Home > Nonfiction > Bloody Crimes > Page 7
Bloody Crimes Page 7

by James L. Swanson


  In time, both men rediscovered love. Ten years after the death of Sarah Knox Taylor, Jefferson Davis, thirty-seven years old, married Varina Howell, an eighteen-year-old, educated, savvy, and independent daughter of a fine Mississippi family. When Joseph Davis decided that his long-mourning brother should end his brooding and rejoin society, he introduced Jefferson to Varina. Their first meeting did not go well. She wrote a letter to her mother about it the next day. Mr. Davis, she confided, had an “uncertain temper, and…a way of taking for granted that everybody agrees with him when he expresses an opinion, which offends me.” And then there was the age difference: “He is old, from what I hear he is only two years younger than you are.” But Varina also recognized his qualities and was intrigued. Jefferson had an “agreeable manner” and possessed “a peculiarly sweet voice and winning manner of asserting himself.” Her parents did not favor the match, knowing how deeply Knox’s death had hurt—and changed—him. They feared that he would never recover from the loss and that no woman, even their daughter, could win his love. But Jefferson made peace with Knox Taylor’s ghost and married Varina Howell on February 26, 1845. Theirs was an adoring marriage, a passionate and intellectual union that produced six children. For the rest of his life Jefferson depended upon Varina’s love, advice, support, and loyalty. Indeed, two decades later, during his greatest trial and most profound despair, Varina rallied to save her husband, and she rose to the historic occasion.
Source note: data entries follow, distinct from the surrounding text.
(* Let $\mathbf{P}=(P,\le,\mathcal T)$ be a $2$-separated topological poset, and let $F$ be a closed filter in $\mathbf{P}^*$. Put $B=\bigcap F$. Then $$F=\{x\in\mathbf{P}^*: B\subseteq x\}.$$ In particular, $B\neq\emptyset$.
   Context: A topological poset $(P,\le,\mathcal T)$ is a poset with a Hausdorff topology; it is $2$-separated if it admits a continuous order-embedding ($x\le y\iff f(x)\le f(y)$, $f$ injective) into a power of the two-element chain $\{0<1\}$ with the product topology. A final segment is an upward-closed subset of $P$. $\mathbf{P}^*$ denotes the set of continuous order-preserving maps $P\to\{0,1\}$, identified with the clopen final segments of $P$ (via preimage of $1$), a lattice under $\cup,\cap$, with the topology of pointwise convergence (subspace of $\{0,1\}^P$). A filter in $\mathbf{P}^*$ is a nonempty subset closed under finite intersections and under supersets within $\mathbf{P}^*$, not containing $\emptyset$; it is closed if it is closed in this topology. *)

From HB Require Import structures.
From mathcomp Require Import all_boot all_order all_algebra.
From mathcomp Require Import all_classical all_reals all_analysis.
Set Implicit Arguments. Unset Strict Implicit. Unset Printing Implicit Defensive.
Local Open Scope classical_set_scope.

Definition poset_rel (T : Type) (le : T -> T -> Prop) : Prop :=
  (forall x, le x x) /\
  (forall x y, le x y -> le y x -> x = y) /\
  (forall x y z, le x y -> le y z -> le x z).

(* 2-separated: a continuous order-embedding into a power {0<1}^I of the
   two-element chain (bool, discrete topology, false < true) with the product
   topology ({ptws I -> bool}). *)
Definition two_separated (T : topologicalType) (le : T -> T -> Prop) : Prop :=
  exists (I : Type) (f : T -> {ptws I -> bool}),
    continuous f /\ injective f /\
    (forall x y, le x y <-> (forall i, f x i ==> f y i)).

(* P^* : continuous order-preserving maps P -> {0,1}, i.e. (characteristic
   functions of) clopen final segments; as a subset of {0,1}^P. *)
Definition Pstar (T : topologicalType) (le : T -> T -> Prop)
  : set {ptws T -> bool} :=
  [set g | continuous (g : T -> bool) /\ (forall x y, le x y -> g x ==> g y)].

Definition seg_sub (T : Type) (g h : T -> bool) : Prop :=
  forall p, g p -> h p.

Definition Pstar_filter (T : topologicalType) (le : T -> T -> Prop)
  (F : set {ptws T -> bool}) : Prop :=
  F `<=` Pstar le /\
  F !=set0 /\
  (forall g h, F g -> F h -> F (fun p => g p && h p)) /\
  (forall g h, F g -> Pstar le h -> seg_sub g h -> F h) /\
  ~ F (fun _ => false).

Definition Pstar_closed (T : topologicalType) (le : T -> T -> Prop)
  (F : set {ptws T -> bool}) : Prop :=
  exists C : set {ptws T -> bool}, closed C /\ F = C `&` Pstar le.

From HB Require Import structures.
From mathcomp Require Import all_boot all_order all_algebra.
From mathcomp Require Import all_classical all_reals all_analysis.
Local Open Scope classical_set_scope.
Set Implicit Arguments.
Unset Strict Implicit.
Unset Printing Implicit Defensive.

(* If [B] is contained in [g], the maps [h || g] with [h] in [F] lie in [F]
   and, as [h] shrinks, converge pointwise to [g]: at a point outside [g],
   hence outside [B], some [h] in [F] already vanishes.  So [g] is in the
   closure of [F], hence in [F].  Applied to the constant [false] map this
   shows [B] is nonempty.  No order-theoretic or separation hypothesis on
   [P] is needed for this. *)

Definition filter_kernel (T : Type) (F : set {ptws T -> bool}) : set T :=
  [set p | forall g, F g -> g p].

Lemma continuous_orb (T : topologicalType) (f g : T -> bool) :
  continuous f -> continuous g -> continuous (fun p => f p || g p).
Proof.
move=> cf cg x; apply/discrete_cvg.
have /discrete_cvg nf := cf x; have /discrete_cvg ng := cg x.
have nfg : nbhs x (f @^-1` [set f x] `&` g @^-1` [set g x]) by exact: filterI.
by apply: filterS nfg => y [/= -> ->].
Qed.

Lemma Pstar_orb (T : topologicalType) (le : T -> T -> Prop)
    (g h : {ptws T -> bool}) :
  Pstar le g -> Pstar le h -> Pstar le (fun p => g p || h p).
Proof.
move=> [cg mg] [ch mh]; split; first exact: continuous_orb.
move=> x y lxy; apply/implyP => /orP[gx|hx]; apply/orP.
  by left; exact: (implyP (mg _ _ lxy)).
by right; exact: (implyP (mh _ _ lxy)).
Qed.

Lemma Pstar_filter_orb (T : topologicalType) (le : T -> T -> Prop)
    (F : set {ptws T -> bool}) (g h : {ptws T -> bool}) :
  Pstar_filter le F -> F h -> Pstar le g -> F (fun p => h p || g p).
Proof.
move=> [FP [_ [_ [FU _]]]] Fh Pg; apply: (FU h) => //; last by move=> p /= ->.
exact: Pstar_orb (FP _ Fh) Pg.
Qed.

Section KernelClosure.
Variables (T : topologicalType) (le : T -> T -> Prop).
Variable F : set {ptws T -> bool}.
Hypothesis filterF : Pstar_filter le F.
Variable g : {ptws T -> bool}.
Hypothesis Pstar_g : Pstar le g.
Hypothesis kernel_sub_g : filter_kernel F `<=` [set p | g p].

Let joins_below (h : {ptws T -> bool}) : set {ptws T -> bool} :=
  [set k | exists2 h', F h' /\ seg_sub h' h & k = (fun p => h' p || g p)].

Let joins_filter := filter_from F joins_below.

Let joins_below_in_F h : joins_below h `<=` F.
Proof. by move=> k [h' [Fh' _] ->]; exact: Pstar_filter_orb filterF Fh' Pstar_g. Qed.

Let joins_filter_proper : ProperFilter joins_filter.
Proof.
have [FP [[h0 Fh0] [FI _]]] := filterF.
apply: filter_from_proper; last first.
  by move=> h Fh; exists (fun p => h p || g p); exists h => //; split.
apply: filter_from_filter; first by exists h0.
move=> i j Fi Fj; exists (fun p => i p && j p); first exact: FI.
by move=> k [h' [Fh' sh] ->]; split; exists h' => //; split => // p /sh /andP[].
Qed.

Let joins_filter_cvg : joins_filter --> g.
Proof.
have jproper := joins_filter_proper.
apply/pointwise_cvgP => t; apply/discrete_cvg.
have [h0 Fh0] := filterF.2.1.
case gt: (g t).
  by exists h0 => // k [h' _ ->]; rewrite /= gt orbT.
have [h Fh ht] : exists2 h, F h & ~~ h t.
  apply: contrapT => noh; move: gt; rewrite kernel_sub_g // => h Fh.
  by apply: contrapT => /negP ht; apply: noh; exists h.
exists h => // k [h' [_ sh] ->] /=; rewrite gt orbF.
by apply/negP => /sh; apply/negP.
Qed.

Lemma kernel_sub_closure : closure F g.
Proof.
rewrite closureEcvg; exists joins_filter => //; split; first exact: joins_filter_cvg.
move=> A FA; have [h0 Fh0] := filterF.2.1.
by exists h0 => // k /joins_below_in_F /FA.
Qed.

End KernelClosure.

Lemma closed_Pstar_filter_kernel_sub (T : topologicalType)
    (le : T -> T -> Prop) (F : set {ptws T -> bool}) (g : {ptws T -> bool}) :
  Pstar_filter le F -> Pstar_closed le F ->
  Pstar le g -> filter_kernel F `<=` [set p | g p] -> F g.
Proof.
move=> filterF [C [cC FC]] Pg Bg.
have FsubC : F `<=` C by rewrite FC; exact: subIsetl.
rewrite FC; split => //; apply: cC.
apply: (closureS FsubC); exact (kernel_sub_closure filterF Pg Bg).
Qed.

Theorem mainTheorem14 (T : topologicalType) (le : T -> T -> Prop)
  (F : set {ptws T -> bool}) :
  poset_rel le -> hausdorff_space T -> two_separated le ->
  Pstar_filter le F -> Pstar_closed le F ->
  let B := [set p : T | forall g, F g -> g p] in
  F = [set g | Pstar le g /\ B `<=` [set p | g p]] /\ B !=set0.
Proof.
move=> _ _ _ filterF closedF B.
have kernelF := closed_Pstar_filter_kernel_sub filterF closedF.
split.
  apply/seteqP; split => g; last by move=> [Pg Bg]; exact: kernelF.
  by move=> Fg; split; [exact: filterF.1 | move=> p; apply].
apply: contrapT => /set0P/negP; rewrite negbK => /eqP B0.
apply: filterF.2.2.2.2; apply: kernelF; first by split; [exact: cst_continuous|].
by rewrite /filter_kernel -/B B0.
Qed.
  Abraham Lincoln was not as lucky in marriage. After a few bungled attempts at courting other women, he married Mary Todd of Lexington, Kentucky, on November 4, 1842. They had met in Springfield, Illinois, when Lincoln was a young, hungry lawyer on the rise and Mary was a well-educated, politically savvy woman searching for a husband. It was an ill-starred union that plagued Abraham’s peace of mind and domestic happiness for much of his life, and it climaxed finally in epic conflicts during his presidency.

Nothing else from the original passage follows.